Stored data entries
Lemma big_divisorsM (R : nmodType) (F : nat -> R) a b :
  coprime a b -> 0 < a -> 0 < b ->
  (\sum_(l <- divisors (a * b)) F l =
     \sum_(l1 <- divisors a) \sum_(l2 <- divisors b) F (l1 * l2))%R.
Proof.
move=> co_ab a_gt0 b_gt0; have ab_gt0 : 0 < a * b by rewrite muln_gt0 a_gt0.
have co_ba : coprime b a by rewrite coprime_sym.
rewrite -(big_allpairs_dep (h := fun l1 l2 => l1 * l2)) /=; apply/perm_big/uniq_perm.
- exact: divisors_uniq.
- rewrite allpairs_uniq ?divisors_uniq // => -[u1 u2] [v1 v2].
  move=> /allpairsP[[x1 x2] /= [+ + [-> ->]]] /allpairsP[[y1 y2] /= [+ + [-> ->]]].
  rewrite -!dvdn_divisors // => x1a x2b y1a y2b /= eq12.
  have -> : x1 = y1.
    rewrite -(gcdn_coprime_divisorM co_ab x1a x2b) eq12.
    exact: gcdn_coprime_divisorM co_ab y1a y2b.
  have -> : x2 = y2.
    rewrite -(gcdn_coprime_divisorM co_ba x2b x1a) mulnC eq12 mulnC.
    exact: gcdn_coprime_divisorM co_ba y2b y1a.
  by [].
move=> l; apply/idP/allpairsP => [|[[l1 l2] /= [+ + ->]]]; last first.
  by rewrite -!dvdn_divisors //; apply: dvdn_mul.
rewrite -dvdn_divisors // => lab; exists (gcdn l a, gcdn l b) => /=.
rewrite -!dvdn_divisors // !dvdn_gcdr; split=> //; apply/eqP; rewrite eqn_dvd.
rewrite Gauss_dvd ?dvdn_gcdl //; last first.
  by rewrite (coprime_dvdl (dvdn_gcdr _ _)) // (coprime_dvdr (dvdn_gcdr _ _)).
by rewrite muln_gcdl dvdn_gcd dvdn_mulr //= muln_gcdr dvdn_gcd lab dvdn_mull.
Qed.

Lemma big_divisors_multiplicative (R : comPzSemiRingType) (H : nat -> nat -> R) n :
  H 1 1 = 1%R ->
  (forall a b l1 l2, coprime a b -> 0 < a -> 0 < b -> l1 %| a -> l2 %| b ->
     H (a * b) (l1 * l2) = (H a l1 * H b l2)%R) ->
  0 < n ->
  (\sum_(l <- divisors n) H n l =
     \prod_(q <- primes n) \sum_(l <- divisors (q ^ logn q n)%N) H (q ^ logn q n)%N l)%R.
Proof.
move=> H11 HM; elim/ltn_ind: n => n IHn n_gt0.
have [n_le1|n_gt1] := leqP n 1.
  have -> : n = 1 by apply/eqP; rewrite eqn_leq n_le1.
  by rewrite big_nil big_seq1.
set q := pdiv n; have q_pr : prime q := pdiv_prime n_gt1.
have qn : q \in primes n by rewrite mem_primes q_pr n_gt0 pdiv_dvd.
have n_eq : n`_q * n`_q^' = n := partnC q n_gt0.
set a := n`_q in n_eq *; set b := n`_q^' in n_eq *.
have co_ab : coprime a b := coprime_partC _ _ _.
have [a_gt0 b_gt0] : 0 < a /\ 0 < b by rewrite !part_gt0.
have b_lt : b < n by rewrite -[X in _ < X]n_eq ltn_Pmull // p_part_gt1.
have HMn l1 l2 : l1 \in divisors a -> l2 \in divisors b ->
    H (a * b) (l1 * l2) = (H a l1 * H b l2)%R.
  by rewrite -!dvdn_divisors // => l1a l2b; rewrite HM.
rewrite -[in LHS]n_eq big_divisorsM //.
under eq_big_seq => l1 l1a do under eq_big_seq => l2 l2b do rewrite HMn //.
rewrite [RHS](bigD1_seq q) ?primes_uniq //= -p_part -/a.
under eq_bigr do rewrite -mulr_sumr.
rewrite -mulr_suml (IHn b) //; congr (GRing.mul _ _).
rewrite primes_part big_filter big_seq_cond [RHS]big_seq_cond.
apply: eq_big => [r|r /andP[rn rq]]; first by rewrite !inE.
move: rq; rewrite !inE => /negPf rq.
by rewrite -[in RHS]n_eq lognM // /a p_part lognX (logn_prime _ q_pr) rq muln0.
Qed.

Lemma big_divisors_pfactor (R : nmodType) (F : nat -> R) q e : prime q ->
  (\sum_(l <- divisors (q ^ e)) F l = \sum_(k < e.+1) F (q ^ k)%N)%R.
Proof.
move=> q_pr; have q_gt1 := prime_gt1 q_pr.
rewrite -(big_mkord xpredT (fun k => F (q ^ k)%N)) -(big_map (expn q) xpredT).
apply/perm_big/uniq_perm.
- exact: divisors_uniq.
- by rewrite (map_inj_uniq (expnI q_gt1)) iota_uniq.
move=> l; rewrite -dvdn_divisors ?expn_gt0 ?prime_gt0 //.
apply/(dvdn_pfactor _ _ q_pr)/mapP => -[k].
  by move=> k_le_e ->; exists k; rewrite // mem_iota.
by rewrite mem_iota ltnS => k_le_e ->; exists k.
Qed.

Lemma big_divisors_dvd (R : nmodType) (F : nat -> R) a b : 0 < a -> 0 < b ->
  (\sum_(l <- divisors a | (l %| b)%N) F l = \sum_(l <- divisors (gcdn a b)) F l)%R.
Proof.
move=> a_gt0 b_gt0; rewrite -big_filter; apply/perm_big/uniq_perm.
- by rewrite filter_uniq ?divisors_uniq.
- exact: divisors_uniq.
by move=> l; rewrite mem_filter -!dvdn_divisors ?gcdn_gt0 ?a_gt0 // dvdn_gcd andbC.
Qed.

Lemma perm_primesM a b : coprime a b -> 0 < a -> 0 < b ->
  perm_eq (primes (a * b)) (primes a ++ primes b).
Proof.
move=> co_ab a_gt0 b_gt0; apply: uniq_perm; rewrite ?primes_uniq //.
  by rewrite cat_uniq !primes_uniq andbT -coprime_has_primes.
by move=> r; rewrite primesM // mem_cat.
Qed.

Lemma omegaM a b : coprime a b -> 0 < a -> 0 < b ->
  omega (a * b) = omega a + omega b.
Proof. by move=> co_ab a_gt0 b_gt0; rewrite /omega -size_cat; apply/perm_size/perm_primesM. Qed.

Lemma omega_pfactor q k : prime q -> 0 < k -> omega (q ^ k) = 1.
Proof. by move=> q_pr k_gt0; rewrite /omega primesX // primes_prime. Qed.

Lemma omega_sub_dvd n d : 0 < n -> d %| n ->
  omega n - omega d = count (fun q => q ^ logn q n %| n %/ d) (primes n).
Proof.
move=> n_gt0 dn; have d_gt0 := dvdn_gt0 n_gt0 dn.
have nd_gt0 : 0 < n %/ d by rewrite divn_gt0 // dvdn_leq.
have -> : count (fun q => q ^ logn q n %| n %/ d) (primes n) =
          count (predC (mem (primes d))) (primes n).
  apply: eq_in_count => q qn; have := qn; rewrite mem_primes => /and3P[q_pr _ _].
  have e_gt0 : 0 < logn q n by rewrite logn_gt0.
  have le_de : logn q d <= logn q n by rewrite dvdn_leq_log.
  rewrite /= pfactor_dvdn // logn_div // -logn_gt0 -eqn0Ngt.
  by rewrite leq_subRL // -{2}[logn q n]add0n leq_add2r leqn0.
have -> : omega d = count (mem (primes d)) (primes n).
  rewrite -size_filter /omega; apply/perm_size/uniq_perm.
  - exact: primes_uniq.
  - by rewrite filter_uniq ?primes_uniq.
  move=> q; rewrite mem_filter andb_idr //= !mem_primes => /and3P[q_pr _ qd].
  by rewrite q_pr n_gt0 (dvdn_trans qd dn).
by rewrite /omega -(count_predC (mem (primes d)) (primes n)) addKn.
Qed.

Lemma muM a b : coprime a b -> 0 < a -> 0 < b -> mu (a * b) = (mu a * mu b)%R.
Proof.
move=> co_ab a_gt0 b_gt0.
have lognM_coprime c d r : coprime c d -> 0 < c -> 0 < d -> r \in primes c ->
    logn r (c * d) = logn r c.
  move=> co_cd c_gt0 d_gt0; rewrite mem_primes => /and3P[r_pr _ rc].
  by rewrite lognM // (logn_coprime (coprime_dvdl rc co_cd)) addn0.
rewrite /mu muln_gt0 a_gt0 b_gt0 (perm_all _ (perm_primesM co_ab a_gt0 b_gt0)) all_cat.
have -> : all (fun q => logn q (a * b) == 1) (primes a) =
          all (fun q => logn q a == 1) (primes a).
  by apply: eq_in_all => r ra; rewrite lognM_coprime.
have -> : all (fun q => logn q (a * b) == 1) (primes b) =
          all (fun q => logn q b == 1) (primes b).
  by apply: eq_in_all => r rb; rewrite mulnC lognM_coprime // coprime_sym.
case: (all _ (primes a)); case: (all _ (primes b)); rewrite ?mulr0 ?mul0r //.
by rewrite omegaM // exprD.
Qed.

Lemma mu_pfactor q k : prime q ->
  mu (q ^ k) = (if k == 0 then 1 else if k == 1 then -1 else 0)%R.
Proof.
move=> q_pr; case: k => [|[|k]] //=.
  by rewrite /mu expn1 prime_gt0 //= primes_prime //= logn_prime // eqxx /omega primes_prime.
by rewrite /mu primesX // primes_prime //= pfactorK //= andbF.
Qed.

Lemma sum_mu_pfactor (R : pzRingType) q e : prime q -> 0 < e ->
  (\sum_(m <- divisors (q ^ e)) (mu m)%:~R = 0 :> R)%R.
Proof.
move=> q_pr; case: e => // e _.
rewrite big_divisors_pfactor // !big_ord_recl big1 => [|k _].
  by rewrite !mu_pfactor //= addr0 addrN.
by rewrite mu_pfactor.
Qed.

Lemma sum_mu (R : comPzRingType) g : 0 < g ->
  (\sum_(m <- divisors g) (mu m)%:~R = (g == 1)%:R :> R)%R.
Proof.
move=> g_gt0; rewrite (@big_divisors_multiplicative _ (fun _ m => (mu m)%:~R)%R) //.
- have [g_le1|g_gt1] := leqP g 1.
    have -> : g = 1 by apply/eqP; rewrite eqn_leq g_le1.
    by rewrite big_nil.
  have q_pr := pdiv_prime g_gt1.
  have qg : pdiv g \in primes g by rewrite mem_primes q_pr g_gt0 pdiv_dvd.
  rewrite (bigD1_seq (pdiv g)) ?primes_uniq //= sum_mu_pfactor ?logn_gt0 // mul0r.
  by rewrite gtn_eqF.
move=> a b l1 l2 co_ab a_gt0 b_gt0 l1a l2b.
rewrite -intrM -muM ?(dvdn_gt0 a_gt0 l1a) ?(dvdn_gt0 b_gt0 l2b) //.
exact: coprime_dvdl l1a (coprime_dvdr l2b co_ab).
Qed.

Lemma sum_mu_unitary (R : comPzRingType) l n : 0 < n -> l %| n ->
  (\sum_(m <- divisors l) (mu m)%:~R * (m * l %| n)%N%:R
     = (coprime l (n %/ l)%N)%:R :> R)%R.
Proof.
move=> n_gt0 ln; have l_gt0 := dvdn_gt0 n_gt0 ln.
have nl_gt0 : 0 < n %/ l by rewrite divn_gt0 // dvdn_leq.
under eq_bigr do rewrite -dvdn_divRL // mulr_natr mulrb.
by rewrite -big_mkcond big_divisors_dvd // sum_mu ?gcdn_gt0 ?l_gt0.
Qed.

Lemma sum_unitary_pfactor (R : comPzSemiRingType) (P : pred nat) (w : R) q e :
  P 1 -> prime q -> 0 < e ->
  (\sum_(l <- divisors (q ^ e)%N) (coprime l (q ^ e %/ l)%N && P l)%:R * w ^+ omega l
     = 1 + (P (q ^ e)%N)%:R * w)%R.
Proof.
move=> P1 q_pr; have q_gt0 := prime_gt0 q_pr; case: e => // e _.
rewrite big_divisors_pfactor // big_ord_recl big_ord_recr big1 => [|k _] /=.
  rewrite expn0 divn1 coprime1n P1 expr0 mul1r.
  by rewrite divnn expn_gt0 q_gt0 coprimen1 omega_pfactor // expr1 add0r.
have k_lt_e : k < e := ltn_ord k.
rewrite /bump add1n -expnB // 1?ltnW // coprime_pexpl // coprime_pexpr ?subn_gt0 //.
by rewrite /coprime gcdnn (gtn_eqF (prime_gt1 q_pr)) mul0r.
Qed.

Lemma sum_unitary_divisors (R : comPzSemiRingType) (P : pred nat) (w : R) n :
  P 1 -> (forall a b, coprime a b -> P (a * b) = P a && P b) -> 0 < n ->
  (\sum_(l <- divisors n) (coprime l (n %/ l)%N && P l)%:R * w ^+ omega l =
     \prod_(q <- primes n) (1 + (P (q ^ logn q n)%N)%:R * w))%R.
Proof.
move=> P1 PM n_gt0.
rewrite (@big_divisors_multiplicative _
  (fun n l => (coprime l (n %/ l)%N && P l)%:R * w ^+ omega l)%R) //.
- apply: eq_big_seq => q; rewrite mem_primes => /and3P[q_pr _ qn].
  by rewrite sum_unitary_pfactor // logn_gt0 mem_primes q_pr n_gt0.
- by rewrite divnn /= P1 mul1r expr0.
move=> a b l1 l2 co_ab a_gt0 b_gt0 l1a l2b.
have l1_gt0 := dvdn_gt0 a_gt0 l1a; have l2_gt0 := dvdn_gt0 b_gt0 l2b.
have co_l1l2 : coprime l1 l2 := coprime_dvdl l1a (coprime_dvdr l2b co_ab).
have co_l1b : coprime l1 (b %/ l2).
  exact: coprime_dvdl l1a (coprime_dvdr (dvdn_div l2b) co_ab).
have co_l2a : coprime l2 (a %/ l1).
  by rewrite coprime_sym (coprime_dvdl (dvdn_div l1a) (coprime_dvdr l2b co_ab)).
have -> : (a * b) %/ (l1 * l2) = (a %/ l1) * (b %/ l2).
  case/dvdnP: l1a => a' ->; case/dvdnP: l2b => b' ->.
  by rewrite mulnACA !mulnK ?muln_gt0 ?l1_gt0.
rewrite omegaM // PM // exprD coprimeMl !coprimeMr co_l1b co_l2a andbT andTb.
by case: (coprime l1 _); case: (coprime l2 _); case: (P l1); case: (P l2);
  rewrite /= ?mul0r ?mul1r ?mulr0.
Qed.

--

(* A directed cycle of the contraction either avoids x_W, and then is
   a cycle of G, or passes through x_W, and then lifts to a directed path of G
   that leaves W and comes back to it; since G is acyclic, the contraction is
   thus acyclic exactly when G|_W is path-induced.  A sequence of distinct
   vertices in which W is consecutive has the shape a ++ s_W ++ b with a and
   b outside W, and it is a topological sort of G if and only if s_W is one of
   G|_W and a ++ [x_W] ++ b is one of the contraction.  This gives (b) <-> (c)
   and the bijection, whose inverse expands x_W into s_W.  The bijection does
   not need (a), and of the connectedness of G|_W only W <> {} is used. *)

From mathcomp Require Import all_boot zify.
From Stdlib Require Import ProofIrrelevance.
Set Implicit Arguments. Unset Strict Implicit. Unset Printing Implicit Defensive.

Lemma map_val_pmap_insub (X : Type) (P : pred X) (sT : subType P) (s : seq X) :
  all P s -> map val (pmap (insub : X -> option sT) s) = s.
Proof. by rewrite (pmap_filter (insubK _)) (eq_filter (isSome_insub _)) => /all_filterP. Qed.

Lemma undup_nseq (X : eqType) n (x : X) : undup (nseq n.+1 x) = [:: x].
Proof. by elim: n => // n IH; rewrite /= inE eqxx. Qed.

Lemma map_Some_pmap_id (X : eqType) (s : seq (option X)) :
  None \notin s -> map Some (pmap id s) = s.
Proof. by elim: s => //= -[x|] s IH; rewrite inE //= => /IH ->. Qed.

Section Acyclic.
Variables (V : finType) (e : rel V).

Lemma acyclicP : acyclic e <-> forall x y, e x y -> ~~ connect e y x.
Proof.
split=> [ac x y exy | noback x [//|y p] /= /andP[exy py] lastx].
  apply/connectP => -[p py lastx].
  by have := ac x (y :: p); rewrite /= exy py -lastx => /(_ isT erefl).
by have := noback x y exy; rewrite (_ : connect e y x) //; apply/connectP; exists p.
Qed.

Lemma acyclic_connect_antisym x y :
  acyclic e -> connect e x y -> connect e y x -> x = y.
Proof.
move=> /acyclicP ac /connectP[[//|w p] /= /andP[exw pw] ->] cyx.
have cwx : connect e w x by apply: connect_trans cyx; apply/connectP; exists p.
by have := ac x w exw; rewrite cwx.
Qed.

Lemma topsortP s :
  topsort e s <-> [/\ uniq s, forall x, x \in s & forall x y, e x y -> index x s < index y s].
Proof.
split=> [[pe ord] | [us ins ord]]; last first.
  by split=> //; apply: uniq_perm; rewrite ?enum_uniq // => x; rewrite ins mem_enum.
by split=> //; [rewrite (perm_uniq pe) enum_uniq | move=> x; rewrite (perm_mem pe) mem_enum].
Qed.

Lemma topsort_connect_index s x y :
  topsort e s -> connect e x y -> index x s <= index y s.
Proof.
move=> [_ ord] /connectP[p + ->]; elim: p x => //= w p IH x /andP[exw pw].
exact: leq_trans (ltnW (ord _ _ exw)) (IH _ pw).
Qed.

Problem to work on
Could you filter the entries above for lines holding the string "divnn" and copy them?

Response to this exercise
  by rewrite divnn expn_gt0 q_gt0 coprimen1 omega_pfactor // expr1 add0r.
- by rewrite divnn /= P1 mul1r expr0.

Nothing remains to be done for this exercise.